### About this task
In the entries below, the word "nonincreasing" appears on some lines. Copy each of those lines.

### Information given

::::

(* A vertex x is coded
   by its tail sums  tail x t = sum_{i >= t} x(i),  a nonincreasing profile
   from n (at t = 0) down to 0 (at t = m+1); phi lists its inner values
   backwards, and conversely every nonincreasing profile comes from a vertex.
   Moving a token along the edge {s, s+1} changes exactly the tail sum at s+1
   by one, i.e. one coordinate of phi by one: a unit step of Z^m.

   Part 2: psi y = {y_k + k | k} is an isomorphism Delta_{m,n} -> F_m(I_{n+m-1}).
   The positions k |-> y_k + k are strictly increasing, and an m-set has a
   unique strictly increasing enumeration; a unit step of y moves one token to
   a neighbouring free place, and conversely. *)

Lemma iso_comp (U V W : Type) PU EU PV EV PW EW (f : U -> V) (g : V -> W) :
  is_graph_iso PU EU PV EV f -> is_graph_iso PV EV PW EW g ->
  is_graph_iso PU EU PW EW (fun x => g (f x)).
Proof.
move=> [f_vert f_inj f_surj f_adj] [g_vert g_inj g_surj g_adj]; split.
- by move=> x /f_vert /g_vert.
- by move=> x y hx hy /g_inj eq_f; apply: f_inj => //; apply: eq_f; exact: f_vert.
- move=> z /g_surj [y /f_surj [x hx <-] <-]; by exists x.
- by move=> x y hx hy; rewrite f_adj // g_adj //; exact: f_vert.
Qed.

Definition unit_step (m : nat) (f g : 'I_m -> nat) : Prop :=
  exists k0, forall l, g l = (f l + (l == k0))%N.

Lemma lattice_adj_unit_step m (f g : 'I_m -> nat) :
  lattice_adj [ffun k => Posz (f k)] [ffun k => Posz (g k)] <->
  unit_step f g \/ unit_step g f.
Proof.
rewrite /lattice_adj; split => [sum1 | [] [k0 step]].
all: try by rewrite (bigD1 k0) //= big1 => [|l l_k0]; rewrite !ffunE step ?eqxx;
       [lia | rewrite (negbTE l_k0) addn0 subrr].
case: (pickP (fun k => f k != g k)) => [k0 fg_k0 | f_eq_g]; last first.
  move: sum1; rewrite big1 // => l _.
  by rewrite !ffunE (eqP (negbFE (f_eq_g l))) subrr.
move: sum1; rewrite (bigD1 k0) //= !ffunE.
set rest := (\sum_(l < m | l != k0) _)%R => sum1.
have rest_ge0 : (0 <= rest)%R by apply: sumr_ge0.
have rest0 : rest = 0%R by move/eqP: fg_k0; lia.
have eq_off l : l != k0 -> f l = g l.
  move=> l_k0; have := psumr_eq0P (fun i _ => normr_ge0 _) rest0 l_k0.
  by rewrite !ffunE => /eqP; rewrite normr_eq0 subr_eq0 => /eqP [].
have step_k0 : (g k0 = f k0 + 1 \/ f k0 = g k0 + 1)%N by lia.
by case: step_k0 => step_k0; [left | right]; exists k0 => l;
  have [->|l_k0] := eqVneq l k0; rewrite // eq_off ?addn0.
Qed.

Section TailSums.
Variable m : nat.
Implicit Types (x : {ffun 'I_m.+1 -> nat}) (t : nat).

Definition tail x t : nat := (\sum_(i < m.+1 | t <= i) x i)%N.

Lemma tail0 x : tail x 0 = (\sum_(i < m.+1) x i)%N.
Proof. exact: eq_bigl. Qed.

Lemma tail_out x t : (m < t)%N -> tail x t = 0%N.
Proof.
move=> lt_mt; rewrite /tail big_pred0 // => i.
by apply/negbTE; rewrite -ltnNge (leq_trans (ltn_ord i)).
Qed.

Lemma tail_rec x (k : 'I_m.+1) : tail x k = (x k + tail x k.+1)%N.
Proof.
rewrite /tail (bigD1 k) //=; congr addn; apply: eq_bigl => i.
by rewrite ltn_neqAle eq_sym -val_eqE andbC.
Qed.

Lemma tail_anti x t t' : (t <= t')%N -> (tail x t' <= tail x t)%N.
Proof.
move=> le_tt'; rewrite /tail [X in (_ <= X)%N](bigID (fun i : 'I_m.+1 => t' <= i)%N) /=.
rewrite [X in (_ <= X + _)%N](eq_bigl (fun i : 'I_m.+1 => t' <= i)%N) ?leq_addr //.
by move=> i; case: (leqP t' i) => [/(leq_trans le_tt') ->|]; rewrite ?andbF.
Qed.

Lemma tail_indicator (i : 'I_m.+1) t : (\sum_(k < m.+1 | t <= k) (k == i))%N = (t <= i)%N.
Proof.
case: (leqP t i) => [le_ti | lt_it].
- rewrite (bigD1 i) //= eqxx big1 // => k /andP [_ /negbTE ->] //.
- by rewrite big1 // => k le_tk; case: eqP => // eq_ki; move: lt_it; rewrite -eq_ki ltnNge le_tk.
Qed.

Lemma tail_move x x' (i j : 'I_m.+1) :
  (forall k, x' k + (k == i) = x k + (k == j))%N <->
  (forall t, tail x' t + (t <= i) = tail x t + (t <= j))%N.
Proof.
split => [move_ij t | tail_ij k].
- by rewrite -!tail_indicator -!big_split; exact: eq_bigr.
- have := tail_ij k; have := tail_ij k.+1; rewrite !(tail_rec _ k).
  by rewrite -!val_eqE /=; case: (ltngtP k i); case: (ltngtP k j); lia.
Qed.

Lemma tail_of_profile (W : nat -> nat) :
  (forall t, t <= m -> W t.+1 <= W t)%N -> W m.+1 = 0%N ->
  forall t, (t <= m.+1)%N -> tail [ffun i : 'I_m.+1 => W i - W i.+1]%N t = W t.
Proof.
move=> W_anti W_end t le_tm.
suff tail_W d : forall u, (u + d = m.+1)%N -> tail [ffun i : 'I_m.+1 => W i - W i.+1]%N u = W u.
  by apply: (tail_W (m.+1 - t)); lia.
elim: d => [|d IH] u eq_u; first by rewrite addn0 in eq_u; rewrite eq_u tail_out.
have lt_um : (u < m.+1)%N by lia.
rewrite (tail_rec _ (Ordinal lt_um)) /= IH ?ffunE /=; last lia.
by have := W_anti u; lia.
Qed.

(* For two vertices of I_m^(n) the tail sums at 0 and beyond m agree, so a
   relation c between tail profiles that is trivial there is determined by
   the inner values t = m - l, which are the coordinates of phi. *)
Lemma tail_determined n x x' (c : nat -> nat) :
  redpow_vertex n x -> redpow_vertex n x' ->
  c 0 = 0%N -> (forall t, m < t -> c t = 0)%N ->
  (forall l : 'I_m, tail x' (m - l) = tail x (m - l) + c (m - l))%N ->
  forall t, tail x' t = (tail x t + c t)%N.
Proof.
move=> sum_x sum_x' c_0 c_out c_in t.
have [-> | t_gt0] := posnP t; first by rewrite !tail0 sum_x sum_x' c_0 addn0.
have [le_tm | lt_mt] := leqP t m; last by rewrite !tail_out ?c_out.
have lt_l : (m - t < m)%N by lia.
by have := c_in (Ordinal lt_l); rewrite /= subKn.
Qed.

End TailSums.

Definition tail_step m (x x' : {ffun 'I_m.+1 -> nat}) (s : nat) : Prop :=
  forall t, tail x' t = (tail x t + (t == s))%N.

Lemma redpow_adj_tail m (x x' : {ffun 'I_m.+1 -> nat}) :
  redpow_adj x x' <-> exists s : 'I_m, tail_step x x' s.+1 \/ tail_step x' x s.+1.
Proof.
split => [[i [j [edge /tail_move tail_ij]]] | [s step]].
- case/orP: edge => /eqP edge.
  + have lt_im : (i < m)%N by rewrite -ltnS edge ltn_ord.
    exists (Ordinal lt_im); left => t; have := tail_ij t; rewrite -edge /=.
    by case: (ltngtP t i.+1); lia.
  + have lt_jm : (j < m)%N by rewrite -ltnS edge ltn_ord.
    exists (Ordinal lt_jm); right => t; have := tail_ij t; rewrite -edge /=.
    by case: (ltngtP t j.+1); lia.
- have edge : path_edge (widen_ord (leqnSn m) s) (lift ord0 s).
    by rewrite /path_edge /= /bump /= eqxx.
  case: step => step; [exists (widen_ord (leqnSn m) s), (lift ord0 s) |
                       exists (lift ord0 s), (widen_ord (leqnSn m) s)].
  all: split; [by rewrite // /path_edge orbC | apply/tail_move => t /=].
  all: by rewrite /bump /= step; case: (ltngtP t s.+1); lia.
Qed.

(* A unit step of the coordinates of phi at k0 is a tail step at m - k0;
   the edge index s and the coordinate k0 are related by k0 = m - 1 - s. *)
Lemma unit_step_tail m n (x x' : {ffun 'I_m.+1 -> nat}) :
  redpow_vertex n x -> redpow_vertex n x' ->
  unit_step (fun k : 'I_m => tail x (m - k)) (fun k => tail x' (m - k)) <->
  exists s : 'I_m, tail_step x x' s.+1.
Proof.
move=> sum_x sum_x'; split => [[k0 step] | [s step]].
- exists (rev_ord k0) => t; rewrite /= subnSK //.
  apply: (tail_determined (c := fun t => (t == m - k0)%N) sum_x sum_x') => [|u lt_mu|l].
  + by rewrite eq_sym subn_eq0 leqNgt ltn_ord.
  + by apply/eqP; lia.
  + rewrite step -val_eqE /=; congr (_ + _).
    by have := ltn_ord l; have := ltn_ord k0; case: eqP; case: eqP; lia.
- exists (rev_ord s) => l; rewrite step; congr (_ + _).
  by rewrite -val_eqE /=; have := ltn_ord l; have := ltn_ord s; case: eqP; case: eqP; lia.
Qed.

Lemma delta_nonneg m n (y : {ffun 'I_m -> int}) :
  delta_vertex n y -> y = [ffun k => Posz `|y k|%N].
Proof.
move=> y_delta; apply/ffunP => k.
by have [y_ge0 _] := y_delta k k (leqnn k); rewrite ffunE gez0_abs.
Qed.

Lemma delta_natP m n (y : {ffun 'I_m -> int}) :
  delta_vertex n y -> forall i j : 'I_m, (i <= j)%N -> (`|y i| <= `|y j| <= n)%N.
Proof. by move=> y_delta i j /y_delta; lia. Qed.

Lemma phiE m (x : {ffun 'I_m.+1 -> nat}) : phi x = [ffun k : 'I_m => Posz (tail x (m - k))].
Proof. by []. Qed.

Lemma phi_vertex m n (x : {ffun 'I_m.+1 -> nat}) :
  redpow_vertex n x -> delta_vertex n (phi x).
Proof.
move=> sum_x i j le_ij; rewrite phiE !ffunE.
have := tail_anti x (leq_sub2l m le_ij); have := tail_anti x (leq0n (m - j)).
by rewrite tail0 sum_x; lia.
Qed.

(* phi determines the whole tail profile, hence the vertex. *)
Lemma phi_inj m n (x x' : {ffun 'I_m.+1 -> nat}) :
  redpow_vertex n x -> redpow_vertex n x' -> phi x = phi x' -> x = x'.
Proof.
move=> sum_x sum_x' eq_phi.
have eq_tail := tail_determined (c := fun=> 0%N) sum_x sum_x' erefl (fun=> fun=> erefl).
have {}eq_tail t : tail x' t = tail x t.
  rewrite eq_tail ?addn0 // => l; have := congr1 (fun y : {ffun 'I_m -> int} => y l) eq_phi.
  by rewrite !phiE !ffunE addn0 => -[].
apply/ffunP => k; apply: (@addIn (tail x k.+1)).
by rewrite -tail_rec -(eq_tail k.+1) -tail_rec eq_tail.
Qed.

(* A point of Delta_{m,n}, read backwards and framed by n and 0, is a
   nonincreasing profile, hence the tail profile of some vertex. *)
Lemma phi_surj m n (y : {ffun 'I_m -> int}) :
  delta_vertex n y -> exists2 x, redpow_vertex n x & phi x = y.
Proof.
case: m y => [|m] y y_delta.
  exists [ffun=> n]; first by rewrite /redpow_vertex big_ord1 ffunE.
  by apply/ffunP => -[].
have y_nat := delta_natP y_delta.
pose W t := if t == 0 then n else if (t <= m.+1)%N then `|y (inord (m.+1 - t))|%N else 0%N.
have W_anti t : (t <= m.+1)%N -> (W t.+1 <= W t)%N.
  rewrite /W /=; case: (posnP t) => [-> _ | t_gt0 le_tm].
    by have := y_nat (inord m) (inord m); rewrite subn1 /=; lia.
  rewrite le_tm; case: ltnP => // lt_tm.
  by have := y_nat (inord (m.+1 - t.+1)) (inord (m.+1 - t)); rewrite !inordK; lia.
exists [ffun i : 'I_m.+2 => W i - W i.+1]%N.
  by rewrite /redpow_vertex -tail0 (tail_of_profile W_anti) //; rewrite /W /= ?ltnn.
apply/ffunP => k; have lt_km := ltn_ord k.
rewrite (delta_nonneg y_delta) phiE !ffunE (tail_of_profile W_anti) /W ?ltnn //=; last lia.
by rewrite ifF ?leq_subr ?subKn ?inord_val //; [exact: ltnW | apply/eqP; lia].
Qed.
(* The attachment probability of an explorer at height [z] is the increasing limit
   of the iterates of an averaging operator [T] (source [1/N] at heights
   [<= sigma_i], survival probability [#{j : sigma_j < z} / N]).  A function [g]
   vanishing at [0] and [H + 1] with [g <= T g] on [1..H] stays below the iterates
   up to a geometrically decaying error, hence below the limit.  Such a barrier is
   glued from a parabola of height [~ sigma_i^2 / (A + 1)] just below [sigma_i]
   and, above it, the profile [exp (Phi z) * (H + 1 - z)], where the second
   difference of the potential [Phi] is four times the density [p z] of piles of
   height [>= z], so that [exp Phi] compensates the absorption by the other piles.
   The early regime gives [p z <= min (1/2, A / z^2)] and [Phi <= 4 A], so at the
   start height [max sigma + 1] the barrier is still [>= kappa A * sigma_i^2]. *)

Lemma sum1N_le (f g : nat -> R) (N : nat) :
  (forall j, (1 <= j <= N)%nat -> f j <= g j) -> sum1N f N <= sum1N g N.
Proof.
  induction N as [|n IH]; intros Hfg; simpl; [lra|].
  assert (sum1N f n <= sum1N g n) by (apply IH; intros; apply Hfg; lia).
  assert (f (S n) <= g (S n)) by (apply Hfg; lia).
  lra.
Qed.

::::

### Response to the exercise
   by its tail sums  tail x t = sum_{i >= t} x(i),  a nonincreasing profile
   backwards, and conversely every nonincreasing profile comes from a vertex.
   nonincreasing profile, hence the tail profile of some vertex. *)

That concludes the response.